Neun Stunden lang hatten am vergangenen Freitag Mario Monti und seine Minister getagt. 26 Dekrete hatten sie verabschiedet. Ihr Ziel: Nach der Stabilisierung des Haushaltes soll jetzt das Wachstum gefördert werden.
Monti bleiben nur noch sieben Monate Zeit, um seine ambitiösen Ziele zu verwirklichen. Im kommenden Frühjahr werden Wahlen stattfinden. Dann wird der Notstandsministerpräsident wohl abtreten.
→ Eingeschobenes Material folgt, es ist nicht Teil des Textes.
Definition V (alpha mu : R) (n : nat) (r varphi : R) : R :=
  r ^ 2 / 2
  + mu / (s_const alpha n + mu) * phi_alpha alpha r
  + sum_n_m (fun j => / (s_const alpha n + mu) *
                      phi_alpha alpha (dist_ring r (INR j * zeta n - varphi))) 1 n.

Definition in_domain (n : nat) (r varphi : R) : Prop :=
  0 < r /\
  forall j : nat, ~ (r * cos varphi = cos (INR j * zeta n) /\
                     r * sin varphi = sin (INR j * zeta n)).

(* With theta_j = j zeta - varphi and D_j = |r - e^{i theta_j}|^2 one has
   V_varphi = r / (s + mu) * sum_j sin theta_j * D_j^(-(alpha+1)/2).
   For the exponent -2 the sum is explicit: summing the geometric series of
   1 / (1 - rho e^{i theta_j}) over the n-th roots of unity gives
   sum_j Re 1 / (1 - rho e^{i theta_j}) = n Re 1 / (1 - rho^n e^{-i n varphi}),
   and differentiating in varphi turns this into
   sum_j sin theta_j / |rho - e^{i theta_j}|^4 = - sin (n varphi) * (positive).
   Since t + D_j = (r / rho) |rho - e^{i theta_j}|^2 for a suitable rho in (0, 1),
   the same holds for sum_j sin theta_j / (t + D_j)^2 for every t > 0.
   Finally, for 0 < d < 1 the power D^(d-2) is a positive mixture of these:
   D^(d-2) * int_R e^(d u) / (e^u + 1)^2 du = int_R e^(d v) / (e^v + D)^2 dv,
   which is used through integrals over [-T, T] with T large. *)

From Stdlib Require Import Reals Lra Lia.
From Coquelicot Require Import Coquelicot Complex.
Open Scope R_scope.

Lemma sum_n_m_rel {G H : AbelianMonoid} (Rel : G -> H -> Prop) (a : nat -> G) (b : nat -> H) m n :
  Rel zero zero ->
  (forall x y x' y', Rel x x' -> Rel y y' -> Rel (plus x y) (plus x' y')) ->
  (forall k, (m <= k <= n)%nat -> Rel (a k) (b k)) ->
  Rel (sum_n_m a m n) (sum_n_m b m n).
Proof.
  intros H0 Hplus Hab. induction n as [|n IH].
  - destruct m as [|m].
    + rewrite !sum_n_n. apply Hab; lia.
    + rewrite !sum_n_m_zero by lia. exact H0.
  - destruct (Nat.le_gt_cases m (S n)) as [Hm|Hm].
    + rewrite !sum_n_Sm by lia. apply Hplus; [apply IH | apply Hab]; intros; try apply Hab; lia.
    + rewrite !sum_n_m_zero by lia. exact H0.
Qed.

Lemma sum_n_m_fun_rel (Rel : (R -> R) -> R -> Prop) (f : nat -> R -> R) (b : nat -> R) m n :
  (forall F G y, (forall t, F t = G t) -> Rel F y -> Rel G y) ->
  Rel (fun _ => 0) 0 ->
  (forall F G y z, Rel F y -> Rel G z -> Rel (fun t => F t + G t) (y + z)) ->
  (forall k, (m <= k <= n)%nat -> Rel (f k) (b k)) ->
  Rel (fun t => sum_n_m (fun k => f k t) m n) (sum_n_m b m n).
Proof.
  intros Hext H0 Hplus Hfb. induction n as [|n IH].
  - destruct m as [|m].
    + rewrite sum_n_n. apply (Hext (f 0%nat)); [intro; now rewrite sum_n_n | apply Hfb; lia].
    + rewrite sum_n_m_zero by lia.
      apply (Hext (fun _ => 0)); [intro; now rewrite sum_n_m_zero by lia | exact H0].
  - destruct (Nat.le_gt_cases m (S n)) as [Hm|Hm].
    + rewrite sum_n_Sm by lia.
      apply (Hext (fun t => sum_n_m (fun k => f k t) m n + f (S n) t));
        [intro; now rewrite sum_n_Sm by lia|].
      apply Hplus; [apply IH | apply Hfb]; intros; try apply Hfb; lia.
    + rewrite sum_n_m_zero by lia.
      apply (Hext (fun _ => 0)); [intro; now rewrite sum_n_m_zero by lia | exact H0].
Qed.

Lemma sum_n_m_le_loc (a b : nat -> R) m n :
  (forall k, (m <= k <= n)%nat -> a k <= b k) -> sum_n_m a m n <= sum_n_m b m n.
Proof. apply (sum_n_m_rel Rle); [apply Rle_refl | intros; now apply Rplus_le_compat]. Qed.

Lemma sum_n_m_nonneg (a : nat -> R) m n :
  (forall k, (m <= k <= n)%nat -> 0 <= a k) -> 0 <= sum_n_m a m n.
Proof.
  intros Ha. apply (Rle_trans _ (sum_n_m (fun _ => 0) m n)).
  - right. symmetry. apply (sum_n_m_const_zero (G := R_AbelianMonoid)).
  - now apply sum_n_m_le_loc.
Qed.

Lemma sum_n_m_pos (a : nat -> R) m n : (m <= n)%nat ->
  (forall k, (m <= k <= n)%nat -> 0 < a k) -> 0 < sum_n_m a m n.
Proof.
  intros Hmn Ha. rewrite sum_Sn_m by exact Hmn.
  apply Rplus_lt_le_0_compat; [apply Ha; lia |].
  apply sum_n_m_nonneg. intros k Hk. left. apply Ha. lia.
Qed.

Lemma sum_n_m_minus (a b : nat -> R) m n :
  sum_n_m (fun k => a k - b k) m n = sum_n_m a m n - sum_n_m b m n.
Proof.
  unfold Rminus. rewrite (sum_n_m_plus (G := R_AbelianMonoid) a (fun k => - b k)).
  apply (f_equal (Rplus (sum_n_m a m n))). symmetry.
  apply (sum_n_m_rel (fun x y => - x = y)); [apply Ropp_0 | intros; subst; apply Ropp_plus_distr | auto].
Qed.

Lemma finite_family_bounded (f : nat -> R) m n : exists C, forall k, (m <= k <= n)%nat -> f k <= C.
Proof.
  induction n as [|n [C HC]].
  - exists (f 0%nat). intros k Hk. replace k with 0%nat by lia. apply Rle_refl.
  - exists (Rmax C (f (S n))). intros k Hk. destruct (Nat.eq_dec k (S n)) as [-> | Hk'].
    + apply Rmax_r.
    + eapply Rle_trans; [apply HC; lia | apply Rmax_l].
Qed.

Lemma re_sum_n_m (a : nat -> C) m n : Re (sum_n_m a m n) = sum_n_m (fun k => Re (a k)) m n.
Proof. apply (sum_n_m_rel (fun z y => Re z = y)); [reflexivity | intros; subst; apply re_plus | auto]. Qed.

Lemma RtoC_sum_n_m (a : nat -> R) m n : RtoC (sum_n_m a m n) = sum_n_m (fun k => RtoC (a k)) m n.
Proof.
  apply (sum_n_m_rel (fun y z => RtoC y = z)); [reflexivity | intros; subst; apply RtoC_plus | auto].
Qed.

Lemma is_derive_sum_n_m (f : nat -> R -> R) (f' : nat -> R) m n x :
  (forall k, (m <= k <= n)%nat -> is_derive (f k) x (f' k)) ->
  is_derive (fun t => sum_n_m (fun k => f k t) m n) x (sum_n_m f' m n).
Proof.
  apply (sum_n_m_fun_rel (fun F y => is_derive F x y)).
  - intros F G y HFG HF. now apply (is_derive_ext F).
  - apply (is_derive_const 0).
  - intros. now apply (is_derive_plus F G).
Qed.

Lemma is_RInt_sum_n_m (f : nat -> R -> R) (I : nat -> R) m n a b :
  (forall k, (m <= k <= n)%nat -> is_RInt (f k) a b (I k)) ->
  is_RInt (fun t => sum_n_m (fun k => f k t) m n) a b (sum_n_m I m n).
Proof.
  apply (sum_n_m_fun_rel (fun F y => is_RInt F a b y)).
  - intros F G y HFG HF. now apply (is_RInt_ext F).
  - pose proof (@is_RInt_const R_CompleteNormedModule a b 0) as H0.
    unfold scal in H0; simpl in H0; unfold mult in H0; simpl in H0.
    now rewrite Rmult_0_r in H0.
  - intros. now apply (is_RInt_plus F G).
Qed.

Lemma is_derive_value (f : R -> R) (x l l' : R) : is_derive f x l -> l = l' -> is_derive f x l'.
Proof. now intros H <-. Qed.

Lemma exp_le x y : x <= y -> exp x <= exp y.
Proof. intros [H | ->]; [now left; apply exp_increasing | apply Rle_refl]. Qed.

Lemma pow_lt_1_nonneg x n : (0 < n)%nat -> 0 <= x < 1 -> 0 <= x ^ n < 1.
Proof. intros Hn Hx. split; [apply pow_le; lra | apply pow_lt_1_compat; [lra | lia]]. Qed.

Definition ring_angle (n : nat) (phi : R) (j : nat) : R := INR j * zeta n - phi.

Definition dist_ring2 (r theta : R) : R := 1 + r ^ 2 - 2 * r * cos theta.

Lemma dist_ring_sqr r theta : (r - cos theta) ^ 2 + sin theta ^ 2 = dist_ring2 r theta.
Proof.
  unfold dist_ring2. pose proof (sin2_cos2 theta) as H. unfold Rsqr in H. nra.
Qed.

Lemma dist_ring2_pos r theta : 0 <= r < 1 -> 0 < dist_ring2 r theta.
Proof. intros Hr. unfold dist_ring2. pose proof (COS_bound theta). nra. Qed.

Lemma dist_ring2_neg r theta : dist_ring2 r (- theta) = dist_ring2 r theta.
Proof. unfold dist_ring2. now rewrite cos_neg. Qed.

Lemma INR_mul_zeta n : (0 < n)%nat -> INR n * zeta n = 2 * PI.
Proof. intros Hn. unfold zeta. field. apply not_0_INR. lia. Qed.

Lemma ring_angle_mul_n n phi j : (0 < n)%nat ->
  INR n * ring_angle n phi j = INR j * (2 * PI) - INR n * phi.
Proof. intros Hn. unfold ring_angle. rewrite <- (INR_mul_zeta n Hn). ring. Qed.

Definition cis (x : R) : C := (cos x, sin x).

Lemma cis_add x y : (cis x * cis y)%C = cis (x + y).
Proof. unfold cis, Cmult; simpl. rewrite cos_plus, sin_plus. f_equal; ring. Qed.

Lemma cis_pow x k : (cis x ^ k)%C = cis (INR k * x).
Proof.
  induction k as [|k IH].
  - unfold cis. simpl. rewrite Rmult_0_l, cos_0, sin_0. reflexivity.
  - rewrite Cpow_S, IH, cis_add, S_INR. f_equal. ring.
Qed.

Lemma cis_periodic k x : cis (INR k * (2 * PI) + x) = cis x.
Proof.
  unfold cis. replace (INR k * (2 * PI) + x) with (x + 2 * INR k * PI) by ring.
  rewrite cos_period, sin_period. reflexivity.
Qed.

Lemma cis_neq_1 x : 0 < x < 2 * PI -> cis x <> 1%C.
Proof.
  intros Hx Heq. injection Heq as Hcos _.
  replace x with (2 * (x / 2)) in Hcos by field. rewrite cos_2a_sin in Hcos.
  assert (0 < sin (x / 2)) by (apply sin_gt_0; lra). nra.
Qed.

Lemma one_sub_cis_neq_0 r x : 0 <= r < 1 -> (1 - RtoC r * cis x)%C <> 0%C.
Proof.
  intros Hr H. injection H as H _. pose proof (COS_bound x). simpl in H. nra.
Qed.

Lemma re_inv_one_sub_cis r x : 0 <= r < 1 ->
  Re (/ (1 - RtoC r * cis x))%C = (1 - r * cos x) / dist_ring2 r x.
Proof.
  intros Hr. unfold Cinv, cis, RtoC, Cminus, Cmult, Cplus, Copp, Re, dist_ring2. simpl.
  pose proof (sin2_cos2 x) as H. unfold Rsqr in H.
  f_equal; [ring|].
  transitivity (1 + r * r * (sin x * sin x + cos x * cos x) - 2 * r * cos x); [ring|].
  rewrite H. ring.
Qed.

Lemma geometric_sum_C (z : C) m n : (m <= S n)%nat ->
  ((1 - z) * sum_n_m (fun a => z ^ a) m n = z ^ m - z ^ S n)%C.
Proof.
  induction n as [|n IH]; intros Hm.
  - destruct m as [|[|m]]; [rewrite sum_n_n | rewrite sum_n_m_zero by lia | lia];
      simpl; change (zero : C_AbelianMonoid) with (RtoC 0); ring.
  - destruct (Nat.eq_dec m (S (S n))) as [->|Hm'].
    + rewrite sum_n_m_zero by lia. change (zero : C_AbelianMonoid) with (RtoC 0). ring.
    + rewrite sum_n_Sm by lia. change (@plus C_AbelianMonoid) with Cplus.
      rewrite Cmult_plus_distr_l, IH by lia. rewrite !Cpow_S. ring.
Qed.

Lemma sum_pow_root_of_unity (u : C) n : (u ^ n = 1)%C -> u <> 1%C ->
  (sum_n_m (fun j => u ^ j)%C 1 n : C) = 0%C.
Proof.
  intros Hn Hu.
  assert (Hu' : (1 - u)%C <> 0%C) by (apply Cminus_eq_contra; auto).
  pose proof (geometric_sum_C u 1 n ltac:(lia)) as G.
  rewrite (Cpow_S u n), Hn in G. simpl in G.
  replace (sum_n_m _ 1 n) with (/ (1 - u) * ((1 - u) * sum_n_m (fun j => u ^ j)%C 1 n))%C
    by (field; exact Hu').
  rewrite G. ring.
Qed.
Sieben Monate, um die verkrusteten, verbürokratisierten und kriminalisierten Strukturen eines darbenden, lethargischen Landes zu sanieren? Monti weiss, dass dies nicht möglich ist. Doch er will endlich damit beginnen und die Richtung vorgeben. „Unser Programm soll auch künftigen Regierungen als Kompass dienen“, sagt er. Wenn er nur einige seiner Reformvorschläge noch verwirklichen könnte, wäre das schon ein Erfolg.
Alles für den Aufschwung
Italien muss einerseits sparen, anderseits muss es wachsen. Die Regierung rechnet für dieses Jahr mit einer Rezession von 2,5 Prozent oder leicht mehr. Monti hat versprochen, das letztjährige Haushaltsdefizit von 3,9 Prozent des Bruttoinlandprodukts in diesem Jahr auf 1,7 Prozent zu drücken.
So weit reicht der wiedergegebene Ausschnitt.